Coenzyme Q-10, or ubiquinone, is so named because it is ubiquitous in all living systems and it’s in a class of molecules known as quinones. Coincidentally its nickname, CoQ, happens to be indicative of its structure: the molecule resembles the letter Q, comprised of a hexagonal ring with a tail in just about the same position as on the letter. The "10" refers to the length of the tail - 10 five-carbon units derived from a molecule called mevalonate.
CoQ-10 was first discovered in 1957 when Drs. Fred Crane and David Green, who were studying energy production in mitochondria at the University of Wisconsin, extracted the compound from beef heart. Knowing that they had isolated an important substance, they sent their extract to Karl Folkers at the Merck Inc. labs for identification. Dr. Folkers and his group identified its structure and synthesized the compound in 1958. (It should be noted a research group in England working under Dr. Richard Mortan concurrently identified the same substance.)
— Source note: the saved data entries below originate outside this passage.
(* Let $S\ge 2$ and $\alpha_1,\dots,\alpha_S>0$. As $n\to\infty$ through values with $m_j=\alpha_j n$ positive integers for all $j$, and with $M=m_1+\dots+m_S$, $$B(m_1,\dots,m_S)\sim\frac{m_1\cdots m_S}{(M-m_1)\cdots(M-m_S)}\cdot\frac{M!}{m_1!\cdots m_S!}.$$
   Context: For positive integers $m_1,\dots,m_S$, $B(m_1,\dots,m_S)=\sum_{\ell_1=0}^{m_1-1}\cdots\sum_{\ell_S=0}^{m_S-1}\frac{(\ell_1+\dots+\ell_S)!}{\ell_1!\cdots\ell_S!}$; equivalently $B(m_1,\dots,m_S)=\sum_{k_1=1}^{m_1}\cdots\sum_{k_S=1}^{m_S}\binom{m_1}{k_1}\cdots\binom{m_S}{k_S}E(k_1-1,\dots,k_S-1)$ where $E$ is the block derangement number. *)

From Stdlib Require Import Reals List Arith.
Import ListNotations.
Open Scope R_scope.

Fixpoint tuples (ms : list nat) : list (list nat) :=
  match ms with
  | [] => [[]]
  | m :: ms' => flat_map (fun l => map (cons l) (tuples ms')) (seq 0 m)
  end.

Definition Rsum (xs : list R) : R := fold_right Rplus 0 xs.
Definition Rprod (xs : list R) : R := fold_right Rmult 1 xs.

Definition multinom (ls : list nat) : R :=
  INR (fact (list_sum ls)) / Rprod (map (fun l => INR (fact l)) ls).

Definition B (ms : list nat) : R := Rsum (map multinom (tuples ms)).

Definition Bapprox (ms : list nat) : R :=
  let M := list_sum ms in
  Rprod (map INR ms) / Rprod (map (fun m => INR M - INR m) ms)
  * (INR (fact M) / Rprod (map (fun m => INR (fact m)) ms)).

(* Write m_0 for the first coordinate and ms for the others.  Summing out the first
   coordinate with the hockey-stick identity turns B(m_0, ms) into a sum, over the
   tuples l < ms, of terms weight(|l|) / l! (B_as_term_sum).  The largest term is the
   one at the corner l = ms - 1, and the ratio of two neighbouring terms is an explicit
   rational function of the coordinates (weight_shift).  Comparing every term with the
   corner along coordinate paths (term_vs_corner) bounds B by the corner term times
   products of geometric series: near the corner (in a window of width b) the ratios are
   essentially alpha_j / A with A = sum_j alpha_j, and outside the window they are
   uniformly below some th v < 1, which makes that part negligible (B_upper, B_lower).
   Bapprox is the corner term times an explicit rational factor (Bapprox_factor), so
   B / Bapprox is squeezed between two explicit functions of n (B_ratio_bounds).  Their
   limits as n -> oo are within any eps of 1 once b is large (B_ratio_eventually), which
   gives the theorem (B_equiv_Bapprox, mainTheorem16). *)

From Stdlib Require Import Reals List Arith Lia Lra.
From Coquelicot Require Import Coquelicot.
Import ListNotations.
Open Scope R_scope.

Lemma Rsum_app (a b : list R) : Rsum (a ++ b) = Rsum a + Rsum b.
Proof. induction a as [|x a IH]; unfold Rsum in *; simpl; [lra|]. rewrite IH. lra. Qed.

Lemma Rsum_plus {A} (f g : A -> R) (l : list A) :
  Rsum (map (fun x => f x + g x) l) = Rsum (map f l) + Rsum (map g l).
Proof. induction l as [|x l IH]; unfold Rsum in *; simpl; [lra|]. rewrite IH. lra. Qed.

Lemma Rsum_minus {A} (f g : A -> R) (l : list A) :
  Rsum (map (fun x => f x - g x) l) = Rsum (map f l) - Rsum (map g l).
Proof. induction l as [|x l IH]; unfold Rsum in *; simpl; [lra|]. rewrite IH. lra. Qed.

Lemma Rsum_scal_l {A} (c : R) (f : A -> R) (l : list A) :
  Rsum (map (fun x => c * f x) l) = c * Rsum (map f l).
Proof. induction l as [|x l IH]; unfold Rsum in *; simpl; [lra|]. rewrite IH. lra. Qed.

Lemma Rsum_scal_r {A} (c : R) (f : A -> R) (l : list A) :
  Rsum (map (fun x => f x * c) l) = Rsum (map f l) * c.
Proof. induction l as [|x l IH]; unfold Rsum in *; simpl; [lra|]. rewrite IH. lra. Qed.

Lemma Rsum_const {A} (c : R) (l : list A) : Rsum (map (fun _ => c) l) = INR (length l) * c.
Proof.
  induction l as [|x l IH]; unfold Rsum in *; cbn [map fold_right length]; [simpl; ring|].
  rewrite IH, S_INR. ring.
Qed.

Lemma Rsum_ext {A} (f g : A -> R) (l : list A) :
  (forall x, In x l -> f x = g x) -> Rsum (map f l) = Rsum (map g l).
Proof. intro H. f_equal. apply map_ext_in. exact H. Qed.

Lemma Rsum_le {A} (f g : A -> R) (l : list A) :
  (forall x, In x l -> f x <= g x) -> Rsum (map f l) <= Rsum (map g l).
Proof.
  induction l as [|x l IH]; intro H; unfold Rsum in *; simpl; [lra|].
  apply Rplus_le_compat; auto with datatypes.
Qed.

Lemma Rsum_nonneg {A} (f : A -> R) (l : list A) :
  (forall x, In x l -> 0 <= f x) -> 0 <= Rsum (map f l).
Proof.
  intro H. replace 0 with (Rsum (map (fun _ : A => 0) l)) at 1.
  - apply Rsum_le. exact H.
  - rewrite Rsum_const. ring.
Qed.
The discovery of CoQ-10 proved crucial to Peter Michell’s Nobel Prize-winning "chemiosmotic" theory, which detailed the end-stage process by which we use oxygen to convert the food we eat into energy, a process we now call oxidative phosphorylization, through the synthesis of adenosine triphosphate (ATP). This process is carried out in the mitochondria. CoQ-10 is an integral part of the process. Since ATP powers virtually every reaction in the body, the importance of CoQ-10 can be put very simply: No CoQ-10, no life.
In nature, the highest concentration of CoQ-10 is in tissues that need a lot of energy, such as skeletal and cardiac muscle. A deficiency of CoQ-10 could result in problems related to these tissues. In the mid-1960's Dr. Yuichi Yamamura in Japan became the first clinician to use a CoQ in the treatment of patients with congestive heart failure. In 1972, Dr. Gian Paolo Littarru of Italy and Dr. Karl Folkers, then at the University of Texas at Austin, reported a CoQ10 deficiency in patients with heart disease.
Since then, numerous studies have proven the effectiveness of CoQ-10 in benefiting heart patients. Dr Peter Langsjoen, a cardiologist in Tyler, Texas uses CoQ-10 extensively in his practice. He provides a comprehensive history and review of research on CoQ-10 and heart disease to cardiologists to encourage them to do the same, especially for patients using the cholesterol lowering drugs referred to as statins.
Statins work by inhibiting cholesterol synthesis, but that means they inhibit CoQ-10 synthesis, which is needed for the strength of the heart muscle. Patients on statin drugs are warned to watch for unusual muscle weakness.
The Antioxidant Factor
About the time researchers were looking into CoQ-10 and heart disease, its antioxidant potential was discovered. The properties that make CoQ-10 effective for energy production make it effective at quenching free radicals, protecting tissues from damage and inhibiting the oxidation of LDL cholesterol, thus slowing the development of atherosclerosis, another benefit to the heart.
CoQ-10 is a fat-soluble molecule and is widely distributed in foods, but usually in small quantities. The richest sources are organ meats, sardines and peanuts. If you don’t like those foods, don’t worry, you make much more CoQ-10 than you can eat. However, the synthesis of healthy amounts of CoQ-10 requires a variety of nutrients, especially B-vitamins, thus a nutrient-dense, highly varied diet is a necessity.
Exercise helps CoQ-10 status by encouraging the muscles to build more mitochondria. CoQ-10 synthesis diminishes with age, and illness tends to be demanding of its antioxidant properties. CoQ-10 taken in supplemental form, whether as a pill or added to foods, is best when taken with a fat or oil. Its greatest absorption occurs when taken with a meal that has fat.
There is much more to CoQ-10 than can fit in this overview. Each year hundreds of papers are presented devoted to research into the potential benefits of CoQ-10 for a variety of diseases. In the words of Dr. Peter Langsjoen, "We have only scratched the surface of the biomedical and clinical applications of CoQ-10 and the associated fields of bioenergetics and free radical chemistry."